### [Problem]
Which lines of the data below hold "antiA"? Copy each of them.
----
Lemma realizable_bounds a b : 0 < a -> realizable a b ->
  a <= b /\ b - a <= 2 ^ a - 1 - 'C(a, uphalf a).
Proof.
move=> a_gt0 [T [e [_ _ gLD gDLD]]].
have T_gt0 : 0 < #|T| by rewrite -gLD in a_gt0; exact: leq_trans a_gt0 (mincard_le_card _).
split; first by rewrite -gLD -gDLD gammaLD_le_gammaDLD.
have := gammaDLD_le_gammaLD (e := e); rewrite gLD gDLD => /(_ a_gt0); lia.
Qed.

Lemma exists_card_between (T : finType) (G0 G1 : {set T}) s :
  G0 \subset G1 -> #|G0| <= s <= #|G1| ->
  exists F : {set T}, [/\ G0 \subset F, F \subset G1 & #|F| = s].
Proof.
move=> sG01 /andP [le0 le1].
have /card_gt0P [S] : 0 < #|[set S : {set T} | S \subset G1 :\: G0 & #|S| == s - #|G0|]|.
  by rewrite cards_draws bin_gt0 cardsD (setIidPr sG01); lia.
rewrite inE subsetD => /andP [/andP [sSG1 disSG0] /eqP cardS].
exists (G0 :|: S); split; first exact: subsetUl.
  by rewrite subUset sG01.
by rewrite cardsU setIC (disjoint_setI0 disSG0) cards0 cardS; lia.
Qed.

Definition singletons n : {set {set 'I_n}} := [set [set i] | i : 'I_n].

Lemma card_singletons n : #|singletons n| = n.
Proof. by rewrite card_imset ?cardsT ?card_ord //; exact: set1_inj. Qed.

Lemma antichain_singletons n : antichain (singletons n).
Proof. by move=> _ _ /imsetP [i _ ->] /imsetP [j _ ->]; rewrite sub1set => /set1P ->. Qed.

Lemma antichain_card_le_star (T : finType) (A : {set {set T}}) (x0 : T) (g : {set T} -> T) :
  antichain A -> {in A, forall X, X = [set g X] \/ X = [set x0; g X]} -> #|A| <= #|T|.
Proof.
move=> antiA star; rewrite -(card_in_imset (f := g)) ?max_card // => X Y XA YA gXY.
have sub1 x : [set x] \subset [set x0; x] by rewrite sub1set !inE eqxx orbT.
case: (star X XA) (star Y YA) => EX [] EY; try by rewrite EX EY gXY.
  by apply: antiA; rewrite // EX EY gXY sub1.
by apply/esym/antiA; rewrite // EX EY gXY sub1.
Qed.

Lemma realizable_small a d : 0 < a -> d < a -> realizable a (a + d).
Proof.
move=> a_gt0 d_lt_a; pose i0 : 'I_a := Ordinal a_gt0.
pose stars := [set [set i0; j] | j in [set~ i0]].
pose g (X : {set 'I_a}) := odflt i0 [pick j in X | j != i0].
have starP X : X \in singletons a :|: stars -> X = [set g X] \/ X = [set i0; g X].
  rewrite /g; case/setUP => /imsetP [j jP ->].
    left; case: pickP => [k /andP [/set1P -> //]|/(_ j)]; rewrite !inE eqxx /=.
    by move/negbFE/eqP ->.
  right; rewrite !inE in jP; case: pickP => [k|/(_ j)]; rewrite !inE ?eqxx ?orbT ?jP //.
  by case/andP => /orP [] /eqP ->; rewrite ?eqxx.
have card_stars : #|stars| = a - 1.
  rewrite card_in_imset ?cardsC1 ?card_ord ?subn1 // => x y; rewrite !inE => x_ne0 y_ne0 E.
  by have := set22 i0 x; rewrite E !inE (negbTE x_ne0) => /eqP.
have disj : singletons a :&: stars = set0.
  apply/setP => X; rewrite !inE; apply/negbTE/andP => -[/imsetP [i _ ->] /imsetP [j]].
  rewrite !inE => j_ne0 /(congr1 (fun Y : {set 'I_a} => #|Y|)).
  by rewrite cards1 cards2 eq_sym j_ne0.
have [F [sSF sFG cardF]] : exists F : {set {set 'I_a}},
    [/\ singletons a \subset F, F \subset singletons a :|: stars & #|F| = a + d].
  apply: exists_card_between; first exact: subsetUl.
  by rewrite cardsU disj cards0 card_singletons card_stars leq_addr /=; lia.
have := @incidence_realizable a F (singletons a) a_gt0.
rewrite card_singletons cardF addKn; apply => //.
- move=> X /(subsetP sFG) /starP [] ->; apply/set0Pn; exists (g X); by rewrite !inE eqxx ?orbT.
- by move=> i; apply: (subsetP sSF); exact: imset_f.
- move=> A sAF antiA; rewrite -[X in _ <= X]card_ord.
  apply: (antichain_card_le_star antiA) => X XA.
  exact/starP/(subsetP sFG)/(subsetP sAF).
- exact: antichain_singletons.
Qed.

Lemma realizable_large a d : 0 < a -> a <= d <= 2 ^ a - 1 - 'C(a, uphalf a) ->
  realizable a (a + d).
Proof.
move=> a_gt0 /andP [a_le_d d_le]; set m := 'C(a, uphalf a).
pose level := [set X : {set 'I_a} | #|X| == uphalf a].
have card_level : #|level| = m by rewrite card_draws card_ord.
have a_le_m : a <= m by rewrite -[X in X <= _]bin1 leq_bin_uphalf.
have sub_nonempty : singletons a :|: level \subset [set~ set0].
  apply/subsetP => X; rewrite !inE => /orP [/imsetP [i _ ->]|/eqP cardX].
    by apply/set0Pn; exists i; rewrite inE.
  by rewrite -card_gt0 cardX uphalf_gt0.
have [F [sGF sFT cardF]] : exists F : {set {set 'I_a}},
    [/\ singletons a :|: level \subset F, F \subset [set~ set0] & #|F| = m + d].
  apply: exists_card_between => //.
  rewrite cardsC1 -cardsT -powersetT card_powerset cardsT card_ord.
  by rewrite cardsU card_singletons card_level; move: d_le; rewrite -/m; lia.
have := @incidence_realizable a F level a_gt0.
rewrite card_level cardF addnCA addKn; apply => //.
- by move=> X /(subsetP sFT); rewrite !inE.
- by move=> i; apply/(subsetP sGF)/setUP; left; exact: imset_f.
- by move=> A _ /sperner.
- exact: subset_trans (subsetUr _ _) sGF.
- move=> X Y; rewrite !inE => /eqP cX /eqP cY sXY.
  by apply/eqP; rewrite eqEcard sXY cX cY leqnn.
Qed.

Theorem mainTheorem20 (a b : nat) (ha : 0 < a) (hb : 0 < b) :
  (exists (T : finType) (e : rel T),
      [/\ symmetric e, irreflexive e, gammaLD e = a & gammaDLD e = b])
  <-> (a <= b /\ b - a <= 2 ^ a - 1 - 'C(a, uphalf a)).
Proof.
split; first exact: realizable_bounds.
case=> a_le_b bound; rewrite -(subnKC a_le_b).
have [small|large] := ltnP (b - a) a; first exact: realizable_small.
by apply: realizable_large; rewrite // large.
Qed.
----
### [Final answer]
move=> antiA star; rewrite -(card_in_imset (f := g)) ?max_card // => X Y XA YA gXY.
  by apply: antiA; rewrite // EX EY gXY sub1.
by apply/esym/antiA; rewrite // EX EY gXY sub1.
- move=> A sAF antiA; rewrite -[X in _ <= X]card_ord.
  apply: (antichain_card_le_star antiA) => X XA.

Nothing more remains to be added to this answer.